The Tricky part of Data Wrangling in my knowledge so far,   

a) Knowing what is present in the 'null' cells, is it NaN or simply ' '     
b) In the non-null cells, if the all values are meaningful       
c) Recognizing that even if a column has all non-null and meaningful values, the future updates to the column may have problems. Hence need to expect it and handle it      
d) See the data and think if certain value make sense for the business and decide to drop those which are not relevant

##### Answering the questions:
1) The following columns are retained for further analysis.

In [7]:
sfr = sf[['perm_typ','perm_typ_def','file_dt','issue_dt','cur_st','strct_notif','no_exist_stry','no_prop_stry',
          'fire_only_permit','est_cost','rev_cost','exist_use','prop_use','plansets','exist_const_type',
          'prop_const_type','site_permit','location']].copy()

2) Which rows to retain?       
We can eliminate some records based on current status.

In [8]:
sfr.cur_st.unique()

array(['expired', 'issued', 'withdrawn', 'complete', 'filed', 'approved',
       'reinstated', 'cancelled', 'appeal', 'suspend', 'revoked',
       'plancheck', 'disapproved', 'incomplete'], dtype=object)

+ We are sure of retaining rows where cur_st is issued or issue_dt column is a valid date.
+ We can retain rows corresponding to cur_st equal to complete,filed,approved,reinstated,appeal or plancheck irrespective of whether there is valid entry in issue_dt or not
+ We should drop rows for which cur_st is withdrawn, cancelled or disapproved and issue_dt is blank because they will never get issued. 
+ It is not clear what to do with suspend,revoked and incomplete. That can be decided with further exploration

In [9]:
# Check count of status of permits and under each status, how many are issued. 
sfr.groupby('cur_st')[['cur_st','issue_dt']].count()
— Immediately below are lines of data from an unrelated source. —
(* Let $b=(b_n)$, $b_n:\{0,1\}^n\to\{0,1\}^{n+1}$, be a demi-bit and let $0<c<1$ be a constant. Define the generator $g$ on inputs of length $N$ as follows: let $m=\lceil N^c\rceil$ and $n=\lfloor N/m\rfloor$, write the input as $x=x_1x_2\cdots x_m r$ with $|x_i|=n$ for each $i$ (and $r$ the remaining $N-mn$ bits), and set $g(x)=b_n(x_1)\,b_n(x_2)\cdots b_n(x_m)\,r\in\{0,1\}^{N+m}$. Then $g$ has at least exponential demi-hardness: there is $\epsilon>0$ such that $H_{\mathrm{dh}}(g_N)\ge 2^{N^\epsilon}$ for all sufficiently large $N$, i.e. $g$ is $\lceil N^c\rceil$ demi-bits.
   Context: A generator is a family $g_n:\{0,1\}^n\to\{0,1\}^{l(n)}$ computable by polynomial-size (nonuniform) circuits with $l(n)>n$. A nondeterministic circuit $D(x,w)$ accepts input $x$ (written $D(x)=1$) iff there is an assignment to the nondeterministic input bits $w$ with $D(x,w)=1$. The demi-hardness $H_{\mathrm{dh}}(g_n)$ is the minimal $s$ such that some nondeterministic circuit $D$ of size at most $s$ satisfies $\Pr_{y\in\{0,1\}^{l(n)}}[D(y)=1]\ge 1/s$ and $\Pr_{x\in\{0,1\}^n}[D(g_n(x))=1]=0$ (uniform distributions). A generator $g_n:\{0,1\}^n\to\{0,1\}^{n+k(n)}$ is $k$ demi-bits if there is $\epsilon>0$ with $H_{\mathrm{dh}}(g_n)\ge 2^{n^\epsilon}$ for all sufficiently large $n$; a demi-bit is the case $k=1$. *)

From Stdlib Require Import Reals.
From mathcomp Require Import all_boot.

Set Implicit Arguments.
Unset Strict Implicit.
Unset Printing Implicit Defensive.

(* A gate refers to input bits (GIn i) or to EARLIER gates by index.
   References to non-existing wires read as [false]. *)
Inductive gate : Type :=
| GConst of bool
| GIn of nat
| GNot of nat
| GAnd of nat & nat
| GOr of nat & nat.

Definition gate_val (x vals : seq bool) (g : gate) : bool :=
  match g with
  | GConst b => b
  | GIn i => nth false x i
  | GNot j => ~~ nth false vals j
  | GAnd j k => nth false vals j && nth false vals k
  | GOr j k => nth false vals j || nth false vals k
  end.

Definition eval_gates (x : seq bool) (gs : seq gate) : seq bool :=
  foldl (fun vals g => rcons vals (gate_val x vals g)) [::] gs.

Record mcircuit := MCircuit { mc_gates : seq gate; mc_out : seq nat }.
Definition mc_size (C : mcircuit) : nat := size (mc_gates C).
Definition mc_eval (C : mcircuit) (x : seq bool) : seq bool :=
  map (nth false (eval_gates x (mc_gates C))) (mc_out C).

(* nondeterministic single-output circuit D(x,w): input x ++ w,
   output = value of the last gate; size = number of gates *)
Record ndcircuit := NDCircuit { nd_wit : nat; nd_gates : seq gate }.
Definition nd_size (D : ndcircuit) : nat := size (nd_gates D).
Definition nd_accepts (D : ndcircuit) (x : seq bool) : bool :=
  [exists w : (nd_wit D).-tuple bool,
     last false (eval_gates (x ++ tval w) (nd_gates D))].

(* g n is the n-th member, applied to inputs of length n *)
Definition bitfam := nat -> seq bool -> seq bool.

Definition has_out_len (g : bitfam) (l : nat -> nat) : Prop :=
  forall n (x : n.-tuple bool), size (g n x) = l n.

Definition poly_size_computable (g : bitfam) : Prop :=
  exists k : nat, forall n, exists C : mcircuit,
    (mc_size C <= n ^ k + k)%N /\
    forall x : n.-tuple bool, mc_eval C x = g n x.

(* H_dh(g_n) >= T, where the outputs of g_n have length l:
   every nondeterministic circuit D of size <= s with
   Pr_y[D(y)=1] >= 1/s (y uniform in {0,1}^l) and
   Pr_x[D(g_n(x))=1] = 0 satisfies T <= s. *)
Definition dh_ge (g : bitfam) (n l : nat) (T : R) : Prop :=
  forall (s : nat) (D : ndcircuit),
    (nd_size D <= s)%N ->
    (2 ^ l <= s * #|[set y : l.-tuple bool | nd_accepts D y]|)%N ->
    (forall x : n.-tuple bool, ~~ nd_accepts D (g n x)) ->
    Rle T (INR s).

Definition demibits (k : nat -> nat) (g : bitfam) : Prop :=
  has_out_len g (fun n => n + k n)%N /\
  poly_size_computable g /\
  exists eps : R, Rlt R0 eps /\
    exists N0 : nat, forall n, (N0 <= n)%N ->
      dh_ge g n (n + k n)%N (Rpower (INR 2) (Rpower (INR n) eps)).

(* x ^ c for x >= 0, with 0 ^ c = 0 *)
Definition nat_rpow (N : nat) (c : R) : R :=
  if N == 0%N then R0 else Rpower (INR N) c.

(* ceiling of a real, as a nat (Int_part = floor) *)
Definition ceil_nat (x : R) : nat := Z.to_nat (- Int_part (- x))%Z.

Definition blocks (c : R) (N : nat) : nat := ceil_nat (nat_rpow N c).

Definition concat_gen (b : bitfam) (c : R) : bitfam :=
  fun N x =>
    let m := blocks c N in
    let n := (N %/ m)%N in
    flatten [seq b n (take n (drop (i * n) x)) | i <- iota 0 m]
      ++ drop (m * n) x.

(* The proof is a hybrid argument.  Let [m = blocks c N], [n = N / m], and
   suppose a nondeterministic circuit [D] of size [s] accepts a [1/s]
   fraction of all strings of length [N + m] but no output of [concat_gen].
   For [j <= m] let [phi_j] accept [z] iff [D] accepts [b(x_1) ... b(x_j) z]
   for some [x_1 ... x_j]; guessing the [x_i] nondeterministically, [phi_j]
   has a circuit of size [s + j |C|], where [C] computes [b_n].  Since [phi_0]
   is dense and [phi_m] accepts nothing, some step [j] and some suffix [z]
   rejected by [phi_(j+1)] make [y |-> phi_j (y ++ z)] accept a [1/(2 s m)]
   fraction of [{0,1}^(n+1)] while rejecting every [b_n(x)]: a breaker of
   [b_n] of size polynomial in [N] times [s].  As [n >= N^(1-c) / 4], the
   hardness [2^(n^eps)] of [b] forces [s >= 2^(N^((1-c) eps / 2))]. *)

From Stdlib Require Import Reals Lra ZArith Classical_Prop.
From mathcomp Require Import all_boot zify.

Set Implicit Arguments.
Unset Strict Implicit.
Unset Printing Implicit Defensive.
Unnamed: 0_level_0,cur_st,issue_dt
cur_st,Unnamed: 1_level_1,Unnamed: 2_level_1
appeal,2,0
approved,733,8
cancelled,1536,1197
complete,97077,97059
disapproved,2,0
expired,1370,1370
filed,12043,0
incomplete,2,1
issued,83559,83559
plancheck,16,0


In [10]:
# Drop withdrawn, disapproved and canceled which are not yet issued
sfr = sfr.loc[(((sfr['cur_st']!='withdrawn') & (sfr['cur_st'] !='cancelled') & (sfr['cur_st'] !='disapproved')) | sfr['issue_dt'].notnull()),:]

In [11]:
sfr[['file_dt','issue_dt','perm_typ']].info()

<class 'pandas.core.frame.DataFrame'>
Int64Index: 196806 entries, 0 to 198899
Data columns (total 3 columns):
file_dt     196806 non-null datetime64[ns]
issue_dt    183960 non-null datetime64[ns]
perm_typ    196806 non-null int64
dtypes: datetime64[ns](2), int64(1)
memory usage: 6.0 MB


Can we eliminate rows for which there are no issue dates?

Note that permit type and file dates have no NaNs, whereas issue date has a few thousands of NaNs, because at the time of data download, they were not yet issued. We decide to keep it as is at this stage, because dropping them would introduce survivorship bias in others. Imputation would still introduce bias.

In [12]:
sfr = sfr.assign(time_taken = (sfr['issue_dt'] - sfr['file_dt']).dt.days)

3) NaN or too small costs: Cost of the project is an essential part of the application according to [this post](http://www.herald-journal.com/housing/pages/older/permit.html). Examining if the cost columns have valid values.

In [13]:
print('Percentage of null values in revised cost:',round(100*sfr['rev_cost'].isnull().sum()/sfr['rev_cost'].isnull().count(),4))
print('Percentage of null values in estimated cost:',round(100*sfr['est_cost'].isnull().sum()/sfr['est_cost'].isnull().count(),4))

Percentage of null values in revised cost: 2.5497
Percentage of null values in estimated cost: 19.3282


In [14]:
print('Percentage of values < 10$ in estimated cost: {:.2f} and the same in revised cost is {:.2f}'
     .format(100*(sfr['est_cost'] < 10).sum()/(sfr['est_cost'] < 10).count(),100*(sfr['rev_cost'] < 10).sum()/(sfr['rev_cost'] < 10).count() ))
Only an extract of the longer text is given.